## Instructions to follow:
Look for the line that has "let: Node _ cs := t in (sumn" in the material below; please repeat it and every line after it, exactly, up to and including the line that has "Definition vertices (t", and nothing else.

________

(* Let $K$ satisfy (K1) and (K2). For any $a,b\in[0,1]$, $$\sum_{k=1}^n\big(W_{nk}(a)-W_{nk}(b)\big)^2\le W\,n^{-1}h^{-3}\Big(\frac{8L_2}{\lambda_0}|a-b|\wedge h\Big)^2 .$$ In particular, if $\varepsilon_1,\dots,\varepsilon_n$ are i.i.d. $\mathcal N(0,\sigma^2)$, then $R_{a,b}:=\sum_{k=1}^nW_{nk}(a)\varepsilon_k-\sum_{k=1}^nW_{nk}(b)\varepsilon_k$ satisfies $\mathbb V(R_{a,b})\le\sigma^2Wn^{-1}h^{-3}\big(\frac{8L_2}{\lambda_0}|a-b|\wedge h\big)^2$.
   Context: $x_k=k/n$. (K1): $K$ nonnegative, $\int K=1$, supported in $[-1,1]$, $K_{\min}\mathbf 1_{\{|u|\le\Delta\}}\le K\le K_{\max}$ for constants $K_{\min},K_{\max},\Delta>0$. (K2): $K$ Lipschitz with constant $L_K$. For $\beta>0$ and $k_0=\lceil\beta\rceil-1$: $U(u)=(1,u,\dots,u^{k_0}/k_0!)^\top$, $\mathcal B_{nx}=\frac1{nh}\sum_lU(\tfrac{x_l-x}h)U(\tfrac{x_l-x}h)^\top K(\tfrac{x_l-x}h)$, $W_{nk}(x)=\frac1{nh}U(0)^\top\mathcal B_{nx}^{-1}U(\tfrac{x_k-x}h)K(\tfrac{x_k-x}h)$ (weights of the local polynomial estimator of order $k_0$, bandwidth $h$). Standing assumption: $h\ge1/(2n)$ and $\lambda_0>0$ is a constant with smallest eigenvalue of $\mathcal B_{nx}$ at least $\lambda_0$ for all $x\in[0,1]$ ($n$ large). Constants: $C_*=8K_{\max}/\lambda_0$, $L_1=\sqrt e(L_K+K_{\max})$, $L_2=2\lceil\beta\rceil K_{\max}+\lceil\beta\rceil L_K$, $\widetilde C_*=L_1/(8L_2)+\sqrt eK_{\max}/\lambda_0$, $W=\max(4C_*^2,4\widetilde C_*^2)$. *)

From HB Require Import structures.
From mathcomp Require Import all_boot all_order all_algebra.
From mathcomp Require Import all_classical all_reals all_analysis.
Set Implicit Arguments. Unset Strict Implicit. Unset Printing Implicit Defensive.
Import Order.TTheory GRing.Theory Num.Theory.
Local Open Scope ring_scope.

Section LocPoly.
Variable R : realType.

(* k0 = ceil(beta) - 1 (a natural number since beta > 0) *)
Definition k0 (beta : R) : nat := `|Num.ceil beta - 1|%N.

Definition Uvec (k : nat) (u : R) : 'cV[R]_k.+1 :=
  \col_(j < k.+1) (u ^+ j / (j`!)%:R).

________

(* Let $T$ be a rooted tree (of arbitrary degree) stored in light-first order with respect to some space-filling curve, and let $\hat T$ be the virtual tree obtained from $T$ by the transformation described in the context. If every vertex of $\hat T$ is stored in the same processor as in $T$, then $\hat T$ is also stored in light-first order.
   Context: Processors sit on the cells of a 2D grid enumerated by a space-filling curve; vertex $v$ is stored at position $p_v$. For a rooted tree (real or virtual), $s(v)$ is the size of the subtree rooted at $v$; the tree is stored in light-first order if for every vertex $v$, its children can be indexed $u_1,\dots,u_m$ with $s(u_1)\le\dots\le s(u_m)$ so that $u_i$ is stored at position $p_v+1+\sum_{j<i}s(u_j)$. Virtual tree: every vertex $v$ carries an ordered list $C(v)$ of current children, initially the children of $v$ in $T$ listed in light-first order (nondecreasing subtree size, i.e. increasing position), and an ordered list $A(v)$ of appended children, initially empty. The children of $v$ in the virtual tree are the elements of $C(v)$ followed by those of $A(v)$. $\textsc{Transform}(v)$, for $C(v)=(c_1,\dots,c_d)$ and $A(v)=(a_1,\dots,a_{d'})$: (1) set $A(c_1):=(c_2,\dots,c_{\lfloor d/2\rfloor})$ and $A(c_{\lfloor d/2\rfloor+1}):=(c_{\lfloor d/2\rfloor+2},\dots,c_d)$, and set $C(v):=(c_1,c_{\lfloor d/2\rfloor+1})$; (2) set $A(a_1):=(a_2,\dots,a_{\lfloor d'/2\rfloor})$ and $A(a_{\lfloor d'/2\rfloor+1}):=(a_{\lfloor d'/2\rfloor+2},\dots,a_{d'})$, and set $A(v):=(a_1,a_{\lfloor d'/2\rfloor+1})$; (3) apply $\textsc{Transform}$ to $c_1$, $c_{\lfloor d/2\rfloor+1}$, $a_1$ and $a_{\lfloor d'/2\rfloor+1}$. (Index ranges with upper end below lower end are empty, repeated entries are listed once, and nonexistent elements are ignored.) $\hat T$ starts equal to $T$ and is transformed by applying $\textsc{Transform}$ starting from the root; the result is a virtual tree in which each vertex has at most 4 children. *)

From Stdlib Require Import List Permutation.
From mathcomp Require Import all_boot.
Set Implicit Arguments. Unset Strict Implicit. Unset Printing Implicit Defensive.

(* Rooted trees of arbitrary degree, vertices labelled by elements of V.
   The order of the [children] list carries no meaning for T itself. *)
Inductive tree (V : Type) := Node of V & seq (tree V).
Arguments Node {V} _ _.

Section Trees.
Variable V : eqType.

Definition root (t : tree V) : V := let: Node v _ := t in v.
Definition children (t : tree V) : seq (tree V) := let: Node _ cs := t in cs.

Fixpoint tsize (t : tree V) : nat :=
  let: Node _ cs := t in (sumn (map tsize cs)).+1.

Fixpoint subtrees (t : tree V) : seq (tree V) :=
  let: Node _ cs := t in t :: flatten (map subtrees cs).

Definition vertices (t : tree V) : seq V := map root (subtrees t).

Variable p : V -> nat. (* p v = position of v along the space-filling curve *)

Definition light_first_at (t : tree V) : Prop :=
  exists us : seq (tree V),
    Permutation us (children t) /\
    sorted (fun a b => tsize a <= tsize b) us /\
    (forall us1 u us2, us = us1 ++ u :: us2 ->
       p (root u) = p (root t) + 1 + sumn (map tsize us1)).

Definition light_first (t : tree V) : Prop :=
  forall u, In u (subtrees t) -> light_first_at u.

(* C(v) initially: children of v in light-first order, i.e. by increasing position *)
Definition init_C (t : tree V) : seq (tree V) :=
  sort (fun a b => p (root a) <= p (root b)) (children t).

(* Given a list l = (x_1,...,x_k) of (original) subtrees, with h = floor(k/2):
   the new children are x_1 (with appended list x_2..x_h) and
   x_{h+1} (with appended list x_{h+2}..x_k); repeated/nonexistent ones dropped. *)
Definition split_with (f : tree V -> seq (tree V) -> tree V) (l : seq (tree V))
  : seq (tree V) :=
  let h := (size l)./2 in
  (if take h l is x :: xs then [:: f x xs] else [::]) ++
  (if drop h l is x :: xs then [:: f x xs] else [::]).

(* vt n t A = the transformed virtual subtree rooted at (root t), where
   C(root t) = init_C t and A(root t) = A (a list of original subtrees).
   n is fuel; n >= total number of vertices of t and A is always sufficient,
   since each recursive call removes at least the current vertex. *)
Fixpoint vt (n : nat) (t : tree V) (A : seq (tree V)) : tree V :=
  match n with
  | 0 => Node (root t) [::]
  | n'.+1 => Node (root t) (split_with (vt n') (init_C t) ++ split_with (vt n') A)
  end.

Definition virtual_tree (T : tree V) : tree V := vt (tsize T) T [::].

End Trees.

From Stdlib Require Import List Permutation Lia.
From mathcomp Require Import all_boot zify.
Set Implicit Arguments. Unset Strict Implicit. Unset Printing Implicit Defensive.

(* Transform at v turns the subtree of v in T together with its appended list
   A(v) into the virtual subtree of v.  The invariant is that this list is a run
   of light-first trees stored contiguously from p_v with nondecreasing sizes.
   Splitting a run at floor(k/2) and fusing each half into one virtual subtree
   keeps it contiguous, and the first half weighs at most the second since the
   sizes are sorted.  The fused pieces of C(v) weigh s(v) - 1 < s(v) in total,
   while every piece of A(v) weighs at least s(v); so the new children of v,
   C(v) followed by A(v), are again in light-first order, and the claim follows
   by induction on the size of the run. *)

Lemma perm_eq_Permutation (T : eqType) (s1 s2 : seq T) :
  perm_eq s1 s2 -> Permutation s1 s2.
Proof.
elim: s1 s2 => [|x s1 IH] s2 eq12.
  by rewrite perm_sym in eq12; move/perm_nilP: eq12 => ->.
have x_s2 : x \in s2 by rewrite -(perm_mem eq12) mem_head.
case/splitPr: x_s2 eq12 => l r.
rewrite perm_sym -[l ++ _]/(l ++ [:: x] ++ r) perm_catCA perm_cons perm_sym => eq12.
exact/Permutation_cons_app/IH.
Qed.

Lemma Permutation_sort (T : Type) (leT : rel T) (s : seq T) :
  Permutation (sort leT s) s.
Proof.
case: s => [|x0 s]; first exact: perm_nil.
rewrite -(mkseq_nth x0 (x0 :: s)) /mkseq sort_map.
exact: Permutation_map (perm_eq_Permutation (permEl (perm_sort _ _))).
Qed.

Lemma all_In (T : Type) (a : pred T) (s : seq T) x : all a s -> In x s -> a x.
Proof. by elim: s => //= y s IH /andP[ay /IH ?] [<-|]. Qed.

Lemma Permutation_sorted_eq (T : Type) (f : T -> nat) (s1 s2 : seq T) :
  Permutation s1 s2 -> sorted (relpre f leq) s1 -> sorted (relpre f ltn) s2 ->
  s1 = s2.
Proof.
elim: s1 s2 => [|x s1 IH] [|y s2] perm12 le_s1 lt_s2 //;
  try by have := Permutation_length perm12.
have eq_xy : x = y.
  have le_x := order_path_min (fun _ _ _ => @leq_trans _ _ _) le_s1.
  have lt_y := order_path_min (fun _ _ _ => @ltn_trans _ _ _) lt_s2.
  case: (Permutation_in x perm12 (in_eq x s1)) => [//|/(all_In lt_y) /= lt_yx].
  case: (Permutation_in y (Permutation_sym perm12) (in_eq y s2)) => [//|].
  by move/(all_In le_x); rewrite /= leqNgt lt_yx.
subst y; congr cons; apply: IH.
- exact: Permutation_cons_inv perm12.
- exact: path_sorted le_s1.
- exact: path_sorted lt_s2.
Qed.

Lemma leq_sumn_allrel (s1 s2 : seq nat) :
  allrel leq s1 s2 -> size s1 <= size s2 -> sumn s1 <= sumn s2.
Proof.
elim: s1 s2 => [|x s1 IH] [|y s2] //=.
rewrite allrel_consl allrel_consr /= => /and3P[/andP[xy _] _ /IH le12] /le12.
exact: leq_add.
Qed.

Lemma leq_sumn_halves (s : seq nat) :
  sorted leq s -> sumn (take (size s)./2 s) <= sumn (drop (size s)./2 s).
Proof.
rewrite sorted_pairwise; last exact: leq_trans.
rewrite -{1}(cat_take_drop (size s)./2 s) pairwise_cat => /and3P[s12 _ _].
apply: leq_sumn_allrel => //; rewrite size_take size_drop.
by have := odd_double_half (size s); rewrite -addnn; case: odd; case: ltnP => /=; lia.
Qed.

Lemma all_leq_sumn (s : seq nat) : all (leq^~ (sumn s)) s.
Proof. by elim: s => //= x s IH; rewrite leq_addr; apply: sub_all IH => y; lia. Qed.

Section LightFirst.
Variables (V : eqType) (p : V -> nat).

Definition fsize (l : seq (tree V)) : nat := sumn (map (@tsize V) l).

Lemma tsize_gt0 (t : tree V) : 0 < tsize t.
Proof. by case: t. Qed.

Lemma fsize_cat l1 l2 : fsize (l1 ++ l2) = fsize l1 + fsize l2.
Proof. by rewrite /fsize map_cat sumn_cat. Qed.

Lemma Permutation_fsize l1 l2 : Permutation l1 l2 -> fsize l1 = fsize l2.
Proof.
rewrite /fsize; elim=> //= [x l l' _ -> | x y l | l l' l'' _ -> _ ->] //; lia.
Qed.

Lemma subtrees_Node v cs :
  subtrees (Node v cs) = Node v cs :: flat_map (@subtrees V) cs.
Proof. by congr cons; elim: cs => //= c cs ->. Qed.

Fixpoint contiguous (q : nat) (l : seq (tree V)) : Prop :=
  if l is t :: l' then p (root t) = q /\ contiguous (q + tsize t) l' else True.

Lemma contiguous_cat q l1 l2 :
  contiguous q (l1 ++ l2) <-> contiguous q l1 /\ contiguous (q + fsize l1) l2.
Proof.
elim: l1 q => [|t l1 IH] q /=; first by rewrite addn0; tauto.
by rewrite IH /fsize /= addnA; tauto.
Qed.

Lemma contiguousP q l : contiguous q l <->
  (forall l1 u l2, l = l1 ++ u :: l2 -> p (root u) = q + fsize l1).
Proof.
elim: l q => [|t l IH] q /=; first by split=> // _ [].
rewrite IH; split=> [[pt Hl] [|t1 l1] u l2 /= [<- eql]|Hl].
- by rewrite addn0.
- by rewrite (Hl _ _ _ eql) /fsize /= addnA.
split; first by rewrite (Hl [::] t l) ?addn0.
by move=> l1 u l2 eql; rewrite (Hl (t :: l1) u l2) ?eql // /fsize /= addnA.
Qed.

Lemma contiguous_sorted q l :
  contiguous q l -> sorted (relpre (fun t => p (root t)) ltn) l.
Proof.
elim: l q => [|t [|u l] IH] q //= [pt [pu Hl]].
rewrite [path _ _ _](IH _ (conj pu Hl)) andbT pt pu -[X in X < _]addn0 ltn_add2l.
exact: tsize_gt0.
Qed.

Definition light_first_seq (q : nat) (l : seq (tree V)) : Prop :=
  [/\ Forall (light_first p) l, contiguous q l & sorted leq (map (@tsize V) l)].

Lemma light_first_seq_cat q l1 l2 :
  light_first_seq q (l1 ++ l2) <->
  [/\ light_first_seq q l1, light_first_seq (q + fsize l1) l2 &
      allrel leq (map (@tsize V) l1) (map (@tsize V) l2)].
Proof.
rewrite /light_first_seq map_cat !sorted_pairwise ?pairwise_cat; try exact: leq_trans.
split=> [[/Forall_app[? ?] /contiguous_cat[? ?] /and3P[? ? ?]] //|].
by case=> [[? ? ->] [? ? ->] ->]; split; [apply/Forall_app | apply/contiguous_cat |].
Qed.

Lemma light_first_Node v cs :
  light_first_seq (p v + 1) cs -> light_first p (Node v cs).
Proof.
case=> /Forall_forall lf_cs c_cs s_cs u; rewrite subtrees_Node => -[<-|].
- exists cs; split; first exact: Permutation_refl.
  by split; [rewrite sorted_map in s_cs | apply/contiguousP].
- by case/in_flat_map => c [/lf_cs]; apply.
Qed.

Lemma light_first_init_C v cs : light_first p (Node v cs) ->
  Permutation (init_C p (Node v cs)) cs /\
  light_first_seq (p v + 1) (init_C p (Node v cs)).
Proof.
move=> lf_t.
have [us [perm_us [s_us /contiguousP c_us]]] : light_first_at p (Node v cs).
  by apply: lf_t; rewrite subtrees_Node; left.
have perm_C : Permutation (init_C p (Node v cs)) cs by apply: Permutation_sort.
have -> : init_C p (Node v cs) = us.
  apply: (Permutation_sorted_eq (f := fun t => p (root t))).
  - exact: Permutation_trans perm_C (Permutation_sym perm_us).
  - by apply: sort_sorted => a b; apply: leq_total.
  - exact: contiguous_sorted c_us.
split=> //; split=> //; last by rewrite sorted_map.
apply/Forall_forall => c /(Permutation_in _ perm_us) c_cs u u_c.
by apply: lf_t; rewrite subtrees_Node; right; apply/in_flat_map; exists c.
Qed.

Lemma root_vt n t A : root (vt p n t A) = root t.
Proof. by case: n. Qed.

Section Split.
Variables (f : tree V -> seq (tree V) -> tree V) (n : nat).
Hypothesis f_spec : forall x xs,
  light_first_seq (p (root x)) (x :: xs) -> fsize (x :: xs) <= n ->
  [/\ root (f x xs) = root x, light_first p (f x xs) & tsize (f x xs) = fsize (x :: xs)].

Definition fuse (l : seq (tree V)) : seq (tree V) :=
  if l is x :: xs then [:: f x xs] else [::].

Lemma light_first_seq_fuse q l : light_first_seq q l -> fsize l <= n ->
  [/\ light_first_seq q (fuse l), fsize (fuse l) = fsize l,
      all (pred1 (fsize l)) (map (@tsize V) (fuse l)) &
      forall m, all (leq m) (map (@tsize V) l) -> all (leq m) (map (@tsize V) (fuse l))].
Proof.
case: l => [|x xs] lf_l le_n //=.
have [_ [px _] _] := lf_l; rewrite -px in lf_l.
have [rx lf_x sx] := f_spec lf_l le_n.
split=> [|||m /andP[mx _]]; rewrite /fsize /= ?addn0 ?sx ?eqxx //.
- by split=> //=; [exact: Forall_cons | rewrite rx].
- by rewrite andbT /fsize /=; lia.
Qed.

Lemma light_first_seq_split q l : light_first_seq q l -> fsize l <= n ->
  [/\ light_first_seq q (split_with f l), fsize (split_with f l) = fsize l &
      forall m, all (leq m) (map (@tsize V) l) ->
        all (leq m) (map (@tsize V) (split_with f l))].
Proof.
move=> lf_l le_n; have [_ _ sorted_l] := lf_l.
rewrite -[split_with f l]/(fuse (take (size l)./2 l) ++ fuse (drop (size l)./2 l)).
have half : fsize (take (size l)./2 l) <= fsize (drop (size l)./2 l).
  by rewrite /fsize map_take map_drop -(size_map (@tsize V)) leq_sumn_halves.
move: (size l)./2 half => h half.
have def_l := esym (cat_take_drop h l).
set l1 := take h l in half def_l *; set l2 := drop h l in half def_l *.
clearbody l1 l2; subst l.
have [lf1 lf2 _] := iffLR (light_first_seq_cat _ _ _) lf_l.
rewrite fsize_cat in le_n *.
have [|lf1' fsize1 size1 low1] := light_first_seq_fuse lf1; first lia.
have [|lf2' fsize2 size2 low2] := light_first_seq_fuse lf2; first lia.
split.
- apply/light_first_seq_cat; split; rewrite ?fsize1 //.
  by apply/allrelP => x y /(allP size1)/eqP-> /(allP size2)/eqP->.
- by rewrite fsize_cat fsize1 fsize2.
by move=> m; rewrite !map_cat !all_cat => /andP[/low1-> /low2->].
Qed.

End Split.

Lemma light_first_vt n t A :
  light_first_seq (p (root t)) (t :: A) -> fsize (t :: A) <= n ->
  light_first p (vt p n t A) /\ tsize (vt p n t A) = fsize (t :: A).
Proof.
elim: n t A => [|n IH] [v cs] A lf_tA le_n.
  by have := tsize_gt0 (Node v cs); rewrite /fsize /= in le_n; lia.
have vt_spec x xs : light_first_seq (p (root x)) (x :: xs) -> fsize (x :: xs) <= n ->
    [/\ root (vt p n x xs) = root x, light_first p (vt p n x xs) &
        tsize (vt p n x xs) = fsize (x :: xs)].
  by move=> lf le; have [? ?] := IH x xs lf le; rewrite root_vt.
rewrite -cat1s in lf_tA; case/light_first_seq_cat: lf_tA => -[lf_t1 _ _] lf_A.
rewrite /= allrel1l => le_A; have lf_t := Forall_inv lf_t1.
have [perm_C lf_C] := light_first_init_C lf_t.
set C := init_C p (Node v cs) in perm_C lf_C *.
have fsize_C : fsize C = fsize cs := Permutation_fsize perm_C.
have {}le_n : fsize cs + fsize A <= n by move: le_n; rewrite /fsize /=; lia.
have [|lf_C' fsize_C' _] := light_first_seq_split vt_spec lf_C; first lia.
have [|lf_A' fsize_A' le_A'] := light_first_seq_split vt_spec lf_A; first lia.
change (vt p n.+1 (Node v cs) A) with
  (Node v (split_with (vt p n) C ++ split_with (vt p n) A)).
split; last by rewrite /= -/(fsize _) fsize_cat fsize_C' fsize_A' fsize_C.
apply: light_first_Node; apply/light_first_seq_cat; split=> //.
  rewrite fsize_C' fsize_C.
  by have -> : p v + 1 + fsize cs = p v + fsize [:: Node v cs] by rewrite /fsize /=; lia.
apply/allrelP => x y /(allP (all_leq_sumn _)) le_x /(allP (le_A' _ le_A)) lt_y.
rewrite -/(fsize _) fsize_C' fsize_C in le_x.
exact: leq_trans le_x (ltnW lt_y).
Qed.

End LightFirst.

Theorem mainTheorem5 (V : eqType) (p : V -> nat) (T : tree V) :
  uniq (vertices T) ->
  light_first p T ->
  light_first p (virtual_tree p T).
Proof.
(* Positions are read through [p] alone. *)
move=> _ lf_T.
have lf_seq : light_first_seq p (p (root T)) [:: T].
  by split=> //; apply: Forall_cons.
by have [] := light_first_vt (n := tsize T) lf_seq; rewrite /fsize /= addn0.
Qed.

________

## Task answer:
  let: Node _ cs := t in (sumn (map tsize cs)).+1.

Fixpoint subtrees (t : tree V) : seq (tree V) :=
  let: Node _ cs := t in t :: flatten (map subtrees cs).

Definition vertices (t : tree V) : seq V := map root (subtrees t).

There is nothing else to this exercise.